# Packing advice needed please!



## Khrissy (Jan 7, 2016)

We are about to start packing the house for our move to Andalucia. The boxes are in the garage and the task feels daunting! Before I start, I wondered if I could pick the brains of those of you that have done this before us? Anything you wish had done/not done would be very much appreciated. As I write this, I'm looking out of the window at yet another grey rainy day. Can't wait to join you all!


----------



## extranjero (Nov 16, 2012)

Khrissy said:


> We are about to start packing the house for our move to Andalucia. The boxes are in the garage and the task feels daunting! Before I start, I wondered if I could pick the brains of those of you that have done this before us? Anything you wish had done/not done would be very much appreciated. As I write this, I'm looking out of the window at yet another grey rainy day. Can't wait to join you all!


Be ruthless, give stuff to friends, charity etc 
Keep only what you can't live without
Don't send furniture, except small prices of sentimental value
Don't send white goods- just as cheap in Spain now
We had a garage sale, raised a few pounds
Take winter clothes with you, it does get cold and damp in winter
If you ever return to UK, reverse process!


----------



## Alcalaina (Aug 6, 2010)

I agree with being ruthless, unless you know you are going to have plenty of room to put everything when you arrive. We bought over 60 boxes of books and CDs, and had to line all the walls with shelves (thank God for Ikea).

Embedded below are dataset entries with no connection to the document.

Lemma nonnegligible_escapes_vertical_lines (S : set R2) (C : set R) :
  nonnegligible S -> countable C -> exists p, S p /\ ~ C (fst p).
Proof.
  intros HS HC. apply NNPP. intro Hno.
  assert (Hsub : forall p, S p -> C (fst p)).
  { intros p Hp. apply NNPP. intro H. apply Hno. eauto. }
  destruct HS as [HS | HS]; apply HS.
  - exact (meager_sub _ S (meager_vertical_lines C HC) Hsub).
  - exact (lebesgue_null_sub _ S (null_vertical_lines C HC) Hsub).
Qed.

Section TransfiniteSelection.

Variables (I X K : Type) (key : X -> K) (lt : I -> I -> Prop).
Hypothesis lt_wo : wellorder_ctbl_segments lt.
Variables (good : I -> Prop) (S : I -> set X).
Hypothesis X_inhabited : inhabited X.
Hypothesis S_escapes : forall i, good i ->
  forall C : set K, countable C -> exists x, S i x /\ ~ C (key x).

Definition used_keys (i : I) (sel : forall j, lt j i -> X * X) : set K :=
  fun k => exists j (h : lt j i), key (fst (sel j h)) = k \/ key (snd (sel j h)) = k.

Definition select_step (i : I) (sel : forall j, lt j i -> X * X) : X * X :=
  let C := used_keys i sel in
  let p := epsilon X_inhabited (fun p => S i p /\ ~ C (key p)) in
  (p, epsilon X_inhabited (fun q => S i q /\ ~ C (key q) /\ key q <> key p)).

Definition select : I -> X * X := Fix (proj1 lt_wo) (fun _ => (X * X)%type) select_step.

Lemma select_eq i : select i = select_step i (fun j _ => select j).
Proof.
  unfold select. apply (Fix_eq (proj1 lt_wo) (fun _ => (X * X)%type) select_step).
  intros x f g H. f_equal.
  apply functional_extensionality_dep. intro y.
  apply functional_extensionality_dep. apply H.
Qed.

Definition earlier_keys (i : I) : set K :=
  fun k => (exists j, lt j i /\ key (fst (select j)) = k) \/
           (exists j, lt j i /\ key (snd (select j)) = k).

Lemma countable_earlier_keys i : countable (earlier_keys i).
Proof.
  destruct lt_wo as [_ [_ Hseg]].
  apply countable_union; apply countable_image, Hseg.
Qed.

Lemma select_spec i : good i ->
  let p := fst (select i) in let q := snd (select i) in
  S i p /\ S i q /\ ~ earlier_keys i (key p) /\ ~ earlier_keys i (key q) /\ key q <> key p.
Proof.
  intro Hi. rewrite select_eq. unfold select_step. cbn zeta.
  replace (used_keys i (fun j _ => select j)) with (earlier_keys i).
  2: { apply set_ext. intro k. unfold earlier_keys, used_keys.
       split.
       - intros [[j [h E]] | [j [h E]]]; exists j, h; [left | right]; exact E.
       - intros [j [h [E | E]]]; [left | right]; exists j; split; assumption. }
  set (C := earlier_keys i).
  set (p := epsilon X_inhabited (fun p => S i p /\ ~ C (key p))).
  assert (Hp : S i p /\ ~ C (key p)).
  { apply epsilon_spec, S_escapes, countable_earlier_keys. exact Hi. }
  assert (Hq : exists q, S i q /\ ~ C (key q) /\ key q <> key p).
  { destruct (S_escapes i Hi (fun k => C k \/ k = key p)) as [q [Sq Hq]].
    - apply countable_union; [apply countable_earlier_keys | apply countable_singleton].
    - exists q. tauto. }
  apply (epsilon_spec X_inhabited) in Hq. tauto.
Qed.

Lemma select_later_avoids i j : good j -> lt i j ->
  forall x, x = fst (select i) \/ x = snd (select i) ->
  key (fst (select j)) <> key x /\ key (snd (select j)) <> key x.
Proof.
  intros Hj Hij x Hx. destruct (select_spec j Hj) as [_ [_ [Npj [Nqj _]]]].
  assert (Hearly : earlier_keys j (key x)).
  { destruct Hx as [-> | ->]; [left | right]; eauto. }
  split; intro E; [apply Npj | apply Nqj]; rewrite E; exact Hearly.
Qed.

Lemma transfinite_selection : exists p q : I -> X, forall i, good i ->
  S i (p i) /\ S i (q i) /\
  forall j, good j -> key (p i) <> key (q j) /\ (key (q i) = key (q j) -> i = j).
Proof.
  exists (fun i => fst (select i)), (fun i => snd (select i)).
  intros i Hi. destruct (select_spec i Hi) as [Spi [Sqi [_ [_ Hqp]]]].
  split; [exact Spi|]. split; [exact Sqi|]. intros j Hj.
  destruct (classic (i = j)) as [<- | Hij].
  { split; [exact (not_eq_sym Hqp) | reflexivity]. }
  destruct (proj1 (proj2 lt_wo) i j Hij) as [Hlt | Hlt]; split; intro E; try exfalso.
  - apply (proj2 (select_later_avoids i j Hj Hlt (fst (select i)) (or_introl eq_refl))).
    symmetry. exact E.
  - apply (proj2 (select_later_avoids i j Hj Hlt (snd (select i)) (or_intror eq_refl))).
    symmetry. exact E.
  - apply (proj1 (select_later_avoids j i Hi Hlt (snd (select j)) (or_intror eq_refl))).
    exact E.
  - apply (proj2 (select_later_avoids j i Hi Hlt (snd (select j)) (or_intror eq_refl))).
    exact E.
Qed.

Now they sit gathering dust. I can't even give them away, everything is digital. We could have cut it down to ten or 20 boxes....

One bit of furniture I'm glad we did bring is our king-size bed, memory foam mattress, and English-size pillows. I never could get on with continental squares or sausages.


----------



## Simon22 (May 22, 2015)

We ripped CD's and DVD's to PC (multiple backups).
We kept some boxed sets but every single CD went to charity and saved a heap of space.
Also software keep the DVD's and licences but throw the boxes away.
I don't know if this is well known but my wife packs everything inside something else. 
When we first moved I didn't see this process and it was like playing Russian dolls trying to find something, but it does save space. Also linen and clothes can be packing rather than using bubble wrap and then packing the clothes.


----------



## Alcalaina (Aug 6, 2010)

Simon22 said:


> We ripped CD's and DVD's to PC (multiple backups).
> We kept some boxed sets but every single CD went to charity and saved a heap of space.
> Also software keep the DVD's and licences but throw the boxes away.
> I don't know if this is well known but my wife packs everything inside something else.
> When we first moved I didn't see this process and it was like playing Russian dolls trying to find something, but it does save space. Also linen and clothes can be packing rather than using bubble wrap and then packing the clothes.

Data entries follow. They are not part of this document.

Theorem lemma6 (R : realType) (H : lmodType R[i]) (ip : H -> H -> R[i])
  (K : (nat -> nat) -> H -> H) (P O : nat -> H -> H) (n k : nat) :
  is_hilbert ip ->
  cont_unitary_rep ip K ->
  (forall j : nat, weak_limit ip (fun m => K (nsigma j m)) (P j)) ->
  (forall j : nat, (1 <= j)%N -> weak_limit ip (fun N => K (transp j N)) (O j)) ->
  (1 <= n)%N -> (1 <= k)%N ->
  is_orth_proj ip (fun x => O k (P n x)) (fixed_space K k n) /\
  (forall x : H, O n (P n x) = P n.-1 x).
Proof.
move=> hH hK P_lim O_lim n_gt0 k_gt0; split.
- exact: (OP_orth_proj hH hK P_lim O_lim n k_gt0).
- by move=> x; exact: (OP_diag hH hK P_lim O_lim x n_gt0).
Qed.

Some good packing ideas there Simon!

I digitised the music after we'd moved - didn't have time beforehand, I was still working. Same with photos. We did throw away about 300 vinyl albums though. The guys at the local tip were on them like a pack of vultures.


----------



## Simon22 (May 22, 2015)

Alcalaina said:


> Some good packing ideas there Simon!
> 
> I digitised the music after we'd moved - didn't have time beforehand, I was still working. Same with photos. We did throw away about 300 vinyl albums though. The guys at the local tip were on them like a pack of vultures.


I forgot the photos, yes scan them in as well. You can scan multiples at once and the software can break them back up (OSX and Debian)


----------



## mrypg9 (Apr 26, 2008)

We took the complete contents of our three bedroomed cottage when we moved to Prague in 2005. Everything...furniture, clothes, books, CDs, china, bed linen, pictures (the sort you hang on walls), ornaments..

When we arrived at our first home in Prague and arranged our things we found quite a few superfluous items, given to local charities and friends (Alca, I regret giving my Czech dissident friends my CPGB issued copy of 'The Fundamentals of Marxism-Leninism-).
Then we moved to a bigger house and got rid of more things.

After three years we moved with all our furniture etc.to Andalucia. We moved to an apartment, big mistake but got rid of more stuff. Then we moved to the house we've been living in for eight years, got rid of more stuff.
We still have a few things in the cellar but we'll get rid of them soon as we're sure we haven't missed having them around.

It has cost a lot to shift our stuff around Europe but the furniture etc. is 'good', we've had it for a long time and we like having familiar things around us. We found it easier to discard stuff as we went along, rather than do it in the UK and then in Prague or Spain find ourselves saying 'I wish we'd kept that'.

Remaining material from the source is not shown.